* **Directions for this task**
Provide again, from the entries below, every line from the one containing "apply/ffunP => b; rewrite simpleE sum_ffunE." through the one containing "rewrite -prodrXr -!big_split /=; apply: eq_bigr => i", exactly as written, and no other line.

(Recorded information)

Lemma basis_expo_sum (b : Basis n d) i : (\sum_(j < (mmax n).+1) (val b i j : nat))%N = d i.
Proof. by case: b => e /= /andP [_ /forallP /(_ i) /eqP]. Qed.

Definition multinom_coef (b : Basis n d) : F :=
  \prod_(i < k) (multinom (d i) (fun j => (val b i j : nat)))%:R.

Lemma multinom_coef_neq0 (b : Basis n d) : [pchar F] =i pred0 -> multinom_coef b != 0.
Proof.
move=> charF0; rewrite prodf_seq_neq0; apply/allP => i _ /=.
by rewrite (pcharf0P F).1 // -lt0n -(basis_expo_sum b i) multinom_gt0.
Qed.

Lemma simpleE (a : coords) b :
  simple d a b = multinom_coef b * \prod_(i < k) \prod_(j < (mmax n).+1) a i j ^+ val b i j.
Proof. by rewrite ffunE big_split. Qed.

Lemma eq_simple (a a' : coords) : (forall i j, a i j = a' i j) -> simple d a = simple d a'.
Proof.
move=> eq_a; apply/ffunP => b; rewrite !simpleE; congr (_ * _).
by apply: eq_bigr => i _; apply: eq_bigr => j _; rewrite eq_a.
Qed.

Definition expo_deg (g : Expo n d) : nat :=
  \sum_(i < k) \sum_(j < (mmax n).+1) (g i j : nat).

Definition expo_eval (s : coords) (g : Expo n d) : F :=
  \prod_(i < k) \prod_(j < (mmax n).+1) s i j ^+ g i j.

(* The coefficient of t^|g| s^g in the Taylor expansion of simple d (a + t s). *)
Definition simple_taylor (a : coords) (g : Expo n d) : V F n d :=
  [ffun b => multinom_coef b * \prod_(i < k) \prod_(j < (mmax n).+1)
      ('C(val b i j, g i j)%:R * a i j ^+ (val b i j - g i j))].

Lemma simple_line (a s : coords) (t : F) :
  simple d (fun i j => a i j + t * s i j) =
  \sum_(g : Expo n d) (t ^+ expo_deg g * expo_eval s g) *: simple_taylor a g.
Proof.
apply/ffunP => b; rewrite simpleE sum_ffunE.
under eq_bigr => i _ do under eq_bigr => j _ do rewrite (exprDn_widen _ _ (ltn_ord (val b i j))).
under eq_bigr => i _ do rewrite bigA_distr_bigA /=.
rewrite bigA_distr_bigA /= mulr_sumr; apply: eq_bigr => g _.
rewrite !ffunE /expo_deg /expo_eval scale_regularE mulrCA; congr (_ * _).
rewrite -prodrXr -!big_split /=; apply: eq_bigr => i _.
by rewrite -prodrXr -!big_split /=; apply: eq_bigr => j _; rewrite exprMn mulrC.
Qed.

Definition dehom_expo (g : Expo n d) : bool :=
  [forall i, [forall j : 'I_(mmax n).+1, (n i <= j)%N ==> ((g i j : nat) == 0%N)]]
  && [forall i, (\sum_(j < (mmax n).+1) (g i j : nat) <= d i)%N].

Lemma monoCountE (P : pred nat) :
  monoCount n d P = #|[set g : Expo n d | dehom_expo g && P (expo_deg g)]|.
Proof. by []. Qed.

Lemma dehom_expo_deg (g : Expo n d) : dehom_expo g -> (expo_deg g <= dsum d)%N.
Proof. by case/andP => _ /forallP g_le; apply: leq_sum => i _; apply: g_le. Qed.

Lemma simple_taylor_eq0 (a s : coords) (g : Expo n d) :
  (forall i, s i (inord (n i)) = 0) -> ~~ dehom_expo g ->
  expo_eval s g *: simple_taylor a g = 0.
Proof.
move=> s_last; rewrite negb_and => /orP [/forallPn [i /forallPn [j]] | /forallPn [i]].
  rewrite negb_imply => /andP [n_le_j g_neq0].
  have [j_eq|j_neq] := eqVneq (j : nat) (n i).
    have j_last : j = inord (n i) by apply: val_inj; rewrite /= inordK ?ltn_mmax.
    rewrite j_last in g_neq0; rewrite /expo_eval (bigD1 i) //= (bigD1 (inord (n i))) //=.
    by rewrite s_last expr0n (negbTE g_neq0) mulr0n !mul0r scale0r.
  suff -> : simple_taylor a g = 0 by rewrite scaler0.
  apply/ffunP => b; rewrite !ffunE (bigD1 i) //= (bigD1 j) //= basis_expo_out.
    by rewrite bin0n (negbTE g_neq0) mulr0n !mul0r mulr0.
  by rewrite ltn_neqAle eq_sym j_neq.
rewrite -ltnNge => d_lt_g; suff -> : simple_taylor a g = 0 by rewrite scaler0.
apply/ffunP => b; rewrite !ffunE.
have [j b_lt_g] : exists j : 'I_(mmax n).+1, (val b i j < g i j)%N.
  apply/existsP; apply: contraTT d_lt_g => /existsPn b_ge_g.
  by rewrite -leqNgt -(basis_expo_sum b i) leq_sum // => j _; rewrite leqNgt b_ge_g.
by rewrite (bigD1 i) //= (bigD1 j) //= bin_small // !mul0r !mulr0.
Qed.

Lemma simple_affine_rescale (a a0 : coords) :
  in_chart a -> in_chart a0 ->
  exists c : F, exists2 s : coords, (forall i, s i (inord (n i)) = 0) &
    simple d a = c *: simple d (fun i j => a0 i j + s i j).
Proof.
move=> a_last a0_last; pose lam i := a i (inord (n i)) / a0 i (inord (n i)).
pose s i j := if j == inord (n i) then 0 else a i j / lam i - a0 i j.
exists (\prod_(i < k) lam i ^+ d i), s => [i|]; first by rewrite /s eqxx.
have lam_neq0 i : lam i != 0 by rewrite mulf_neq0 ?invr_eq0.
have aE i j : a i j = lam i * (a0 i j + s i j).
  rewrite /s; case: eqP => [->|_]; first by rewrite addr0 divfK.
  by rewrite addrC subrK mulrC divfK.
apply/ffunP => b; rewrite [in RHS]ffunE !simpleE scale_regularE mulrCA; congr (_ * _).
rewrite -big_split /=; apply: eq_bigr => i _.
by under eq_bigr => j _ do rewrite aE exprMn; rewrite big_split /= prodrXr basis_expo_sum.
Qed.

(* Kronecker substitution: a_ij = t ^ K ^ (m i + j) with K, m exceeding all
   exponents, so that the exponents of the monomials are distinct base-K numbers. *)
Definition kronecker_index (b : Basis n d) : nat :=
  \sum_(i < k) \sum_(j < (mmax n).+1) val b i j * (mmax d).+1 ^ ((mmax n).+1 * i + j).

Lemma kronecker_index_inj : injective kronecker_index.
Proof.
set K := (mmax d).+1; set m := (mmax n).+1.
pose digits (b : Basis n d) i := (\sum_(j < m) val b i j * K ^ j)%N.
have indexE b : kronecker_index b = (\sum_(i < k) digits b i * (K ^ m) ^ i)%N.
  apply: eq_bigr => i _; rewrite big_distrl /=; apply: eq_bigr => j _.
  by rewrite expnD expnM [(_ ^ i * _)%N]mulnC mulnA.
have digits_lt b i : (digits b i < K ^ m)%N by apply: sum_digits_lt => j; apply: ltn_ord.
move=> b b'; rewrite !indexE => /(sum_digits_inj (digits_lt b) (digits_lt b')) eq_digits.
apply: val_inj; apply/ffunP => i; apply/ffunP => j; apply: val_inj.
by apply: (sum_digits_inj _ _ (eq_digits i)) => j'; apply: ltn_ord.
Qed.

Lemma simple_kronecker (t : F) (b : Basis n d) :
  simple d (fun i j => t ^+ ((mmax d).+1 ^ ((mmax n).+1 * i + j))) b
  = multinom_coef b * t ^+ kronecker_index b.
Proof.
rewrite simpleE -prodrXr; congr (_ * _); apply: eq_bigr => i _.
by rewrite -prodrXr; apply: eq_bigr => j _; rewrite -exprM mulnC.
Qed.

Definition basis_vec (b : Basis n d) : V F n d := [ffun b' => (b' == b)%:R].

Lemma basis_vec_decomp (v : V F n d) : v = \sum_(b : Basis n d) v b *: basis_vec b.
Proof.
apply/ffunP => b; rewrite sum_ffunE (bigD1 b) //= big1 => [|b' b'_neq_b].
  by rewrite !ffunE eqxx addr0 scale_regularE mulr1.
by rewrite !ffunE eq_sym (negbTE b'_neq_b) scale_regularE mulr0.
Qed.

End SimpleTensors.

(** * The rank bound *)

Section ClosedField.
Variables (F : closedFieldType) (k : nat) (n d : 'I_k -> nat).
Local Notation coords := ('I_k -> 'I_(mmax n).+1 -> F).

(End Recorded information)

* **Solution for this exercise**
apply/ffunP => b; rewrite simpleE sum_ffunE.
under eq_bigr => i _ do under eq_bigr => j _ do rewrite (exprDn_widen _ _ (ltn_ord (val b i j))).
under eq_bigr => i _ do rewrite bigA_distr_bigA /=.
rewrite bigA_distr_bigA /= mulr_sumr; apply: eq_bigr => g _.
rewrite !ffunE /expo_deg /expo_eval scale_regularE mulrCA; congr (_ * _).
rewrite -prodrXr -!big_split /=; apply: eq_bigr => i _.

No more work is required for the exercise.